All last week, while Mr Sharon's soldiers were running amok in Jenin, White House spokesman Ari Fleischer was playing the role of Mr Sharon's point man in Washington. When Israel announced that its army was pulling out of three tiny West Bank villages so tiny that no one had ever heard of them before Mr Fleischer announced that this was "a step in the right direction''. Then by Friday morning, when even the most dimwitted observer had grasped that something was terribly wrong in Jenin, Mr Fleischer was telling us that Sharon was "a man of peace''. How much longer, one wonders, could this nonsense continue?

Of course, the Palestinians or whoever directs the sepulchral, nightmarish campaign of suicide bombing, for it surely cannot be the preposterous Mr Arafat are going for the jugular. The Al Aqsa Brigades or Hamas or Islamic Jihad clearly intend to ensure that Mr Sharon's ruthless operation fails (the Israeli reoccupation, after all, was supposed to be preventing these wicked Palestinian crimes) and to ensure that Mr Powell is made to look impotent. They seem certain to accomplish both goals. The Palestinian Authority, to all intents and purposes, has for now ceased to exist. That was surely one of Mr Sharon's intentions. And Mr Powell's weakness, his failure of nerve, his cowardice, are now likely to set off an Israeli-Palestinian war even more terrible than what we have witnessed so far.

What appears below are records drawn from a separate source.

Definition is_HomLie (V : lmodType K) (br : V -> V -> V) (phi : V -> V) : Prop :=
  ((forall y, lin (fun x => br x y)) /\
      (forall x, lin (br x)) /\
      (forall x y, br x y = - br y x) /\
      lin phi /\
      (forall x y, phi (br x y) = br (phi x) (phi y)) /\
      (forall x y z, br (phi x) (br y z) + br (phi y) (br z x)
                       + br (phi z) (br x y) = 0)).

Definition weakly_involutive (V : lmodType K) (br : V -> V -> V) (phi : V -> V) :=
  forall x y, br (phi (phi x)) y = br x y.

Definition is_rep (H W : lmodType K) (br : H -> H -> H) (phi : H -> H)
    (beta : W -> W) (rho : H -> W -> W) : Prop :=
  (lin beta /\
      (forall x, lin (rho x)) /\
      (forall (c : K) x y w, rho (c *: x + y) w = c *: rho x w + rho y w) /\
      (forall x w, rho (phi x) (beta w) = beta (rho x w)) /\
      (forall x y w, rho (br x y) (beta w)
                     = rho (phi x) (rho y w) - rho (phi y) (rho x w))).

Definition matched_pair (G G' : lmodType K)
    (brg : G -> G -> G) (phig : G -> G) (brg' : G' -> G' -> G') (phig' : G' -> G')
    (rho : G -> G' -> G') (rho' : G' -> G -> G) : Prop :=
  (is_HomLie brg phig /\ is_HomLie brg' phig' /\
      is_rep brg phig phig' rho /\ is_rep brg' phig' phig rho' /\
      (forall x y x', rho' (phig' x') (brg x y)
          = brg (rho' x' x) (phig y) + brg (phig x) (rho' x' y)
            + rho' (rho y x') (phig x) - rho' (rho x x') (phig y)) /\
      (forall x x' y', rho (phig x) (brg' x' y')
          = brg' (rho x x') (phig' y') + brg' (phig' x') (rho x y')
            + rho (rho' y' x) (phig' x') - rho (rho' x' x) (phig' y'))).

But let's pause for a quick journey down memory lane; to September 1982, when Ariel Sharon was "rooting out the network of terror" in the Sabra and Chatila refugee camps in Beirut. Before sending Israel's murderous Phalangist militia allies into the camps, Mr Sharon told the world that the Palestinians had assassinated the Phalangist leader, Bashir Gemayel. This was totally untrue, but the Phalange believed him. And evidence is now emerging in Beirut that, long after the Americans had called for Israel to withdraw the killers from the camp, the Israeli army, commanded by then Defence Minister Sharon, handed more than 1,000 survivors over to those same murderers to be slaughtered over the following two weeks. This, primarily, is why Mr Sharon is so worried by the attempts to indict him for war crimes in Brussels.

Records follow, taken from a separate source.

(* Let $(\mathcal M,X,\bot)$ be a concurrent system and $\nu=(\nu_\alpha)_{\alpha\in X}$ a uniform measure for it, with induced fibred valuation $f_\alpha(x)=\nu_\alpha(\Uparrow x)$. For $\alpha\in X$, let $h_\alpha(c)=\sum_{c'\in\mathscr C,\ c\le c'}(-1)^{|c'|-|c|}f_\alpha(c')$ be the M\''obius transform of $f_\alpha$ on cliques. Then $h_\alpha(c)>0$ for every positive node $(\alpha,c)$ of the DSC.
   Context: A trace monoid $\mathcal M=\mathcal M(\Sigma,I)$ is $\langle\Sigma\mid ab=ba\ ((a,b)\in I)\rangle$, $\Sigma$ finite, $I$ irreflexive symmetric; $|x|$ is length. A clique is a trace of pairwise distinct letters pairwise in $I$ (including $\varepsilon$); $\mathscr C$ is the set of cliques, $\mathfrak C=\mathscr C\setminus\{\varepsilon\}$; $c\le c'$ for cliques means inclusion of letter sets. For $c,c'\in\mathfrak C$, $c\to c'$ means every letter of $c'$ is in relation $(\Sigma\times\Sigma)\setminus I$ with some letter of $c$. Each nonempty trace $x$ has a unique normal form $c_1\cdots c_h$, $c_i\in\mathfrak C$, $c_i\to c_{i+1}$; $C_i(x)=c_i$ ($i\le h$), $\varepsilon$ otherwise. A concurrent system $(\mathcal M,X,\bot)$: $X$ finite, $\bot\notin X$, right action of $\mathcal M$ on $X\cup\{\bot\}$ with $\bot\cdot x=\bot$; $\mathcal M_\alpha=\{x:\alpha\cdot x\ne\bot\}$, $\mathfrak C_\alpha=\mathfrak C\cap\mathcal M_\alpha$. DSC nodes are the pairs $(\alpha,c)$, $c\in\mathfrak C_\alpha$; $(\alpha,c)$ is positive if some $x\in\mathcal M_\alpha$ satisfies $C_1(xy)=c$ for all $y\in\mathcal M_{\alpha\cdot x}$. Boundary: $\partial\mathcal M$ = sequences $(c_i)_{i\ge1}$ in $\mathfrak C$ with $c_i\to c_{i+1}$ (product topology), $C_i$ projections; on $\mathcal M\cup\partial\mathcal M$, $\xi\le\xi'$ iff $C_i(\xi)\le C_i(\xi')$ for all $i$; $\Uparrow x=\{\xi\in\partial\mathcal M:x\le\xi\}$; $\partial\mathcal M_\alpha$ is the closure of $\mathcal M_\alpha$ in $\mathcal M\cup\partial\mathcal M$ intersected with $\partial\mathcal M$. A uniform measure is a family $(\nu_\alpha)_{\alpha\in X}$ of Borel probability measures on $\partial\mathcal M_\alpha$ with $\nu_\alpha(\Uparrow(xy))=\nu_\alpha(\Uparrow x)\nu_{\alpha\cdot x}(\Uparrow y)$ for $x\in\mathcal M_\alpha$, $y\in\mathcal M_{\alpha\cdot x}$, and $\nu_\alpha(\Uparrow x)=t^{|x|}\Delta(\alpha,\alpha\cdot x)$ for all $x\in\mathcal M_\alpha$, for some $t>0$ and $\Delta:X\times X\to\mathbb R_{>0}$. *)

From HB Require Import structures.
From mathcomp Require Import all_boot all_order all_algebra.
From mathcomp Require Import all_classical all_reals all_analysis.
Set Implicit Arguments. Unset Strict Implicit. Unset Printing Implicit Defensive.
Import Order.TTheory GRing.Theory Num.Theory.
Local Open Scope ring_scope.
Lemma pg_neq0 x : x \in S -> f x != 0%R.
Proof. by move=> xS; have := imset_f f xS; rewrite f_im inE. Qed.

Lemma pg_indep1 x : x \in S -> indep M [set x].
Proof.
move=> xS; rewrite f_indep ?sub1set // /row_free eqn_leq rank_leq_row /= [in X in X <= _]cards1.
by have := mxrankS (submx_rows_of f (set11 x)); rewrite rank_rV pg_neq0.
Qed.

Lemma pg_sub_ground : S \subset ground M.
Proof. by apply/subsetP => x xS; have := indep_sub (pg_indep1 xS); rewrite sub1set. Qed.

Lemma pg_rk X : X \subset S -> rk X = \rank (rows_of f X).
Proof.
move=> sX; have [Y /andP[sYX iY] eY] := basis_exists M X.
have sY := subset_trans sYX sX.
have rY : \rank (rows_of f Y) = #|Y| by apply/eqP; move: iY; rewrite f_indep.
apply/eqP; rewrite -eY eqn_leq -{1}rY mxrankS ?rows_ofS //= -rY mxrankS //.
apply/rows_of_subP => x xX; apply/negPn/negP => xY.
have xnY : x \notin Y by apply: contra xY; apply: submx_rows_of.
have sxY : x |: Y \subset X by rewrite subUset sub1set xX sYX.
have : indep M (x |: Y).
  rewrite f_indep ?(subset_trans sxY sX) // /row_free rank_rows_ofU1.
  by rewrite mxrank_adds_row ?pg_neq0 ?(subsetP sX) // rY cardsU1 xnY.
by move/(indep_leq_rk sxY); rewrite cardsU1 xnY add1n -eY ltnn.
Qed.

Lemma pg_mem_clE X e : X \subset S -> e \in S -> (e \in cl X) = (f e <= rows_of f X)%MS.
Proof.
move=> sX eS; have seX : e |: X \subset S by rewrite subUset sub1set eS.
by rewrite clE (subsetP pg_sub_ground) //= !pg_rk // rank_rows_ofU1 mxrank_adds_leq.
Qed.

Lemma pg_cl_meet X Y : X \subset S -> Y \subset S -> rk (X :|: Y) < rk X + rk Y ->
  exists2 e, e \in S & (e \in cl X) && (e \in cl Y).
Proof.
move=> sX sY; rewrite !pg_rk ?subUset ?sX // rank_rows_ofU -mxrank_sum_cap.
rewrite -{1}[\rank (_ + _)%MS]addn0 ltn_add2l lt0n mxrank_eq0 => /rowV0Pn[v vXY v0].
have /imsetP[e eS ev] : v \in f @: S by rewrite f_im inE.
exists e; rewrite // !pg_mem_clE // -ev.
by rewrite (submx_trans vXY (capmxSl _ _)) (submx_trans vXY (capmxSr _ _)).
Qed.

Lemma pg_sum_point x y : x \in S -> y \in S -> x != y ->
  exists z, [/\ z \in S, f z = (f x + f y)%R, z != x & z != y].
Proof.
move=> xS yS xy.
have /imsetP[z zS ez] : (f x + f y)%R \in f @: S.
  rewrite f_im inE; apply: contra xy => /eqP fxy; apply/eqP/f_inj => //.
  by rewrite -[f x]addr0 -(F2_addvv (f y)) addrA fxy add0r.
exists z; split => //; apply/eqP => zE.
  by move/eqP: (pg_neq0 yS); apply; apply: (@addrI _ (f x)); rewrite addr0 ez zE.
by move/eqP: (pg_neq0 xS); apply; apply: (@addIr _ (f y)); rewrite add0r ez zE.
Qed.

Lemma pg_cl_sum x y z : x \in S -> y \in S -> z \in S -> f z = (f x + f y)%R ->
  z \in cl [set x; y].
Proof.
move=> xS yS zS ez; rewrite pg_mem_clE ?subUset ?sub1set ?xS ?yS // ez.
by apply: addmx_sub; apply: submx_rows_of; rewrite !inE eqxx ?orbT.
Qed.

End BinaryPGRestriction.

Section BinaryPG.
Variables (T : finType) (M : matroid T) (r : nat) (f : T -> 'rV['F_2]_r).
Local Notation E := (ground M).
Hypothesis f_inj : {in E &, injective f}.
Hypothesis f_im : f @: E = [set v : 'rV['F_2]_r | v != 0%R].
Hypothesis f_indep : forall X : {set T}, X \subset E -> indep M X = row_free (rows_of f X).
Local Notation rk := (rk M).
Local Notation cl := (cl M).
Implicit Types X Y C : {set T}.

Lemma binary_pg_chordal : chordal M.
Proof.
move=> C cC C4; have sC := circuit_sub_ground cC.
have /card_gt1P[a [b [aC bC ab]]] : 1 < #|C| by apply: leq_trans C4.
set A := [set a; b]; set B := C :\: A.
have sA : A \subset C by rewrite subUset !sub1set aC bC.
have sB : B \subset C := subsetDl C A.
have cardA : #|A| = 2 by rewrite cards2 ab.
have AB : A :|: B = C by rewrite -{1}(setIidPr sA) setID.
have dAB : A :&: B = set0 by rewrite setIDA setDIl setDv set0I.
have nAC : A != C by apply: contraTneq C4 => <-; rewrite cardA.
have nBC : B != C by apply: contraTneq aC => <-; rewrite inE set21.
have iA := indep_proper_circuit cC sA nAC; have iB := indep_proper_circuit cC sB nBC.
have rkAB : rk (A :|: B) < rk A + rk B.
  rewrite (rk_indep iA) (rk_indep iB) -cardsUI dAB cards0 addn0 AB (rk_circuit cC aC).
  by rewrite [#|C|](cardsD1 a C) aC.
have [e eE /andP[eA eB]] :=
  pg_cl_meet f_im f_indep (subset_trans sA sC) (subset_trans sB sC) rkAB.
have eC : e \notin C.
  have [eA'|eA'] := boolP (e \in A); last first.
    apply: notin_circuit_cl cC sA iA eA' eA _; apply: contraTneq C4 => <-.
    by rewrite -ltnNge cardsU1 cardA; case: (e \notin A).
  have eB' : e \notin B by rewrite inE eA'.
  apply: notin_circuit_cl cC sB iB eB' eB _; apply: contraTneq ab => eBC.
  by move: aC bC; rewrite -eBC !in_setU1 !inE !eqxx orbT /= !orbF => /eqP-> /eqP->; rewrite eqxx.
exact: has_chord_common_cl cC AB dAB nAC nBC eC eA eB (pg_indep1 f_im f_indep eE).
Qed.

Hasn't Mr Powell glanced through the State Department archives for 1982? Hasn't he read what Mr Sharon said back then, the same ranting about "terror networks" and "rooting out terror" that he employs today? A lexicon which Mr Powell himself is now enthusiastically using? Has he forgotten that the Israeli Kahan commission held Mr Sharon "personally responsible'' for the massacre of those 1,700 civilians? Does Mr Powell really think that Jenin, albeit on a smaller scale, is much different? Even if we dismiss all the Palestinian claims of civilian butchery, extrajudicial executions and the wholesale destruction of thousands of homes, what on earth does he think the Israelis are hiding in Jenin? Why doesn't he go and look?

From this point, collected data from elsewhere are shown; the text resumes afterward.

Lemma pos_coneZ D (r : R) v : 0 < r -> pos_cone D v -> pos_cone D (r *: v).
Proof.
by move=> r0 [s [s0 [w Dw ->]]]; exists (r * s); split; [exact: mulr_gt0 | exists w; rewrite ?scalerA].
Qed.

Lemma pos_cone_enorm_gt0 D v : D `<=` sphere (d:=d) -> pos_cone D v -> 0 < enorm v.
Proof. by move=> DS [r [r0 [w Dw ->]]]; rewrite enormZ (DS _ Dw) mulr1 gtr0_norm. Qed.

Section ConeNearRay.
Variables (D : set 'rV[R]_d) (x0 : 'rV[R]_d) (e : R).
Hypotheses (sx0 : sphere x0) (e_gt0 : 0 < e)
  (De : forall y, sphere y -> enorm (y - x0) < e -> D y).

(* [2 - 2 <v, x0> / |v|] is the squared distance from [v / |v|] to [x0]. *)
Lemma pos_cone_of_dotr v :
  0 < enorm v -> 2 - 2 * (dotr v x0 / enorm v) < e ^+ 2 -> pos_cone D v.
Proof.
move=> n_gt0 hdot; set n := enorm v; set w := n^-1 *: v.
have sw : sphere w by rewrite /sphere /= enormZ normfV gtr0_norm // mulVf ?gt_eqF.
have dist : enorm (w - x0) ^+ 2 < e ^+ 2.
  rewrite enorm_sqE dotrBB sphere_dotrr // (sphere_dotrr sx0) dotrZl.
  by rewrite mulrC -/n; lra.
exists n; split => //; exists w.
  by apply: De => //; rewrite -(ltr_pXn2r (_ : 0 < 2)%N) ?nnegrE ?enorm_ge0 ?ltW.
by rewrite /w scalerA divff ?scale1r // gt_eqF.
Qed.

Lemma pos_cone_of_small_error err (tau : R) :
  0 < tau -> 8 * tau <= Num.min (e ^+ 2) 1 ->
  `|dotr err x0| <= tau -> dotr err err <= tau ^+ 2 -> pos_cone D (x0 + err).
Proof.
move=> tau_gt0; rewrite le_min ler_norml => /andP [tau_e tau_1] /andP [s_lo s_hi] ee_le.
have ee_ge0 := dotrr_ge0 err.
have dotv : dotr (x0 + err) x0 = 1 + dotr err x0 by rewrite dotrDl (sphere_dotrr sx0).
have nv : enorm (x0 + err) ^+ 2 = 1 + 2 * dotr err x0 + dotr err err.
  by rewrite enorm_sqE dotrDl !dotrDr (sphere_dotrr sx0) (dotrC x0 err); ring.
have n_gt0 : 0 < enorm (x0 + err).
  rewrite -(ltr_pXn2r (_ : 0 < 2)%N) ?nnegrE ?enorm_ge0 // expr0n /= nv; lra.
have n_le : enorm (x0 + err) <= 1 + tau.
  rewrite -(ler_pXn2r (_ : 0 < 2)%N) ?nnegrE ?enorm_ge0 //; last by lra.
  by rewrite nv (_ : (1 + tau) ^+ 2 = 1 + 2 * tau + tau ^+ 2); [lra | ring].
apply: pos_cone_of_dotr => //.
have : (1 + tau) * (1 - 4 * tau) < dotr (x0 + err) x0.
  by rewrite dotv (_ : _ * _ = 1 - 3 * tau - 4 * tau ^+ 2); [nra | ring].
move/(le_lt_trans (ler_wpM2r _ n_le)); rewrite -ltr_pdivlMl //; lra.
Qed.

Lemma pos_cone_near_x0 :
  exists2 kappa : R, 0 < kappa &
    forall v, (forall j, `|v ord0 j - x0 ord0 j| <= kappa) -> pos_cone D v.
Proof.
have [k _] := sphere_coord_neq0 sx0.
have d_pos : (0 : R) < d%:R by rewrite ltr0n; case: d k => [[]|].
set tau := Num.min (e ^+ 2) 1 / 8.
have tau_gt0 : 0 < tau.
  by rewrite divr_gt0 // lt_min ltr01 andbT exprn_gt0.
exists (tau / d%:R); first exact: divr_gt0.
move=> v near; have err_le j : `|(v - x0) ord0 j| <= tau / d%:R by rewrite !mxE; exact: near.
have dtau : d%:R * (tau / d%:R) = tau by rewrite mulrC divfK ?gt_eqF.
rewrite -(subrK x0 v) addrC; apply: (pos_cone_of_small_error tau_gt0); first by rewrite /tau; lra.
  rewrite -dtau -[X in _ <= X]mulr1 -mulrA.
  by apply: dotr_le_coord => // j; exact: sphere_coord_le1.
apply: le_trans (ler_norm _) _; apply: le_trans (dotr_le_coord err_le err_le) _.
rewrite mulrA dtau expr2 ler_pM2l // ler_pdivrMr // -{1}[tau]mulr1 ler_pM2l //.
by rewrite ler1n -(ltr0n R).
Qed.

Lemma pos_cone_near_ray : exists2 kappa : R, 0 < kappa &
  forall (lam : R) v, 0 < lam ->
    (forall j, `|v ord0 j - lam * x0 ord0 j| <= kappa * lam) -> pos_cone D v.
Proof.
have [kappa kappa_gt0 near_x0] := pos_cone_near_x0; exists kappa => // lam v lam_gt0 near.
have -> : v = lam *: (lam^-1 *: v) by rewrite scalerA divff ?gt_eqF ?scale1r.
apply: pos_coneZ => //; apply: near_x0 => j; rewrite mxE.
rewrite (_ : _ - _ = (v ord0 j - lam * x0 ord0 j) / lam); last by field; rewrite gt_eqF.
by rewrite normrM normfV (gtr0_norm lam_gt0) ler_pdivrMr.
Qed.

End ConeNearRay.
End EuclideanSpace.

Lemma int_box_finite (n N : nat) :
  exists s : seq 'rV[int]_n, forall m : 'rV[int]_n, (forall i, `|m ord0 i| <= N%:Z) -> m \in s.
Proof.
pose box (f : {ffun 'I_n -> 'I_(N + N).+1}) : 'rV[int]_n := \row_i ((f i : nat)%:Z - N%:Z).
exists [seq box f | f <- enum {ffun 'I_n -> 'I_(N + N).+1}] => m mN.
have -> : m = box [ffun i => inord (absz (m ord0 i + N%:Z))].
  apply/matrixP => a i; rewrite (fintype.ord1 a) !mxE ffunE inordK; have := mN i; lia.
by apply: map_f; rewrite mem_enum.
Qed.

Section IntegerLattice.
Variables (R : realType) (n : nat) (M : 'M[R]_n).
Hypothesis M_unit : M \in unitmx.

Lemma lattice_coordE (m : 'rV[int]_n) l :
  (map_mx intr m *m M) ord0 l = \sum_(i < n) (m ord0 i)%:~R * M i l.
Proof. by rewrite mxE; apply: eq_bigr => i _; rewrite mxE. Qed.

Lemma lattice_coord_bound : exists2 C : R, 0 <= C &
  forall (m : 'rV[int]_n) (X : R), (forall l, `|(map_mx intr m *m M) ord0 l| <= X) ->
    forall i, `|(m ord0 i)%:~R : R| <= X * C.
Proof.
exists (\sum_l \sum_i `|invmx M l i|).
  by apply: sumr_ge0 => l _; apply: sumr_ge0 => i _; exact: normr_ge0.
move=> m X mX i; have X0 : 0 <= X := le_trans (normr_ge0 _) (mX i).
have -> : (m ord0 i)%:~R = (map_mx intr m *m M *m invmx M) ord0 i.
  by rewrite mulmxK // mxE.
rewrite mxE mulr_sumr.
apply: (le_trans (ler_norm_sum _ _ _)); apply: ler_sum => l _.
rewrite normrM; apply: ler_pM => //.
by rewrite (bigD1 i) //= lerDl; apply: sumr_ge0 => j _; exact: normr_ge0.
Qed.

Yes, the Palestinians' suicide campaign is immoral, unforgivable, insupportable. One day, the Arabs never ones to look in the mirror when it comes to their own crimes will have to acknowledge the sheer cruelty of their tactics. They have not done this so far. But since the Israelis never attempted to confront the immorality of shooting to death child stone-throwers in the early days of the intifada or the evil of their reckless death squads who went around murdering Palestinians on their wanted list, along with the usual clutch of women and kids who got in the way, is this any wonder?

In the annals of war, the conflict in the Middle East has reached a new apogee, but the story of the United States' involvement in the Middle East will never be the same again. Thanks to Mr Powell, President Bush and Mr Sharon, America's credibility has been shattered. Israel, it turns out, does indeed run US policy in the region. The Secretary of State sings from the Israeli songbook. So when, oh when, will the Europeans screw their courage to the sticking-place and become the peacemakers of the Middle East?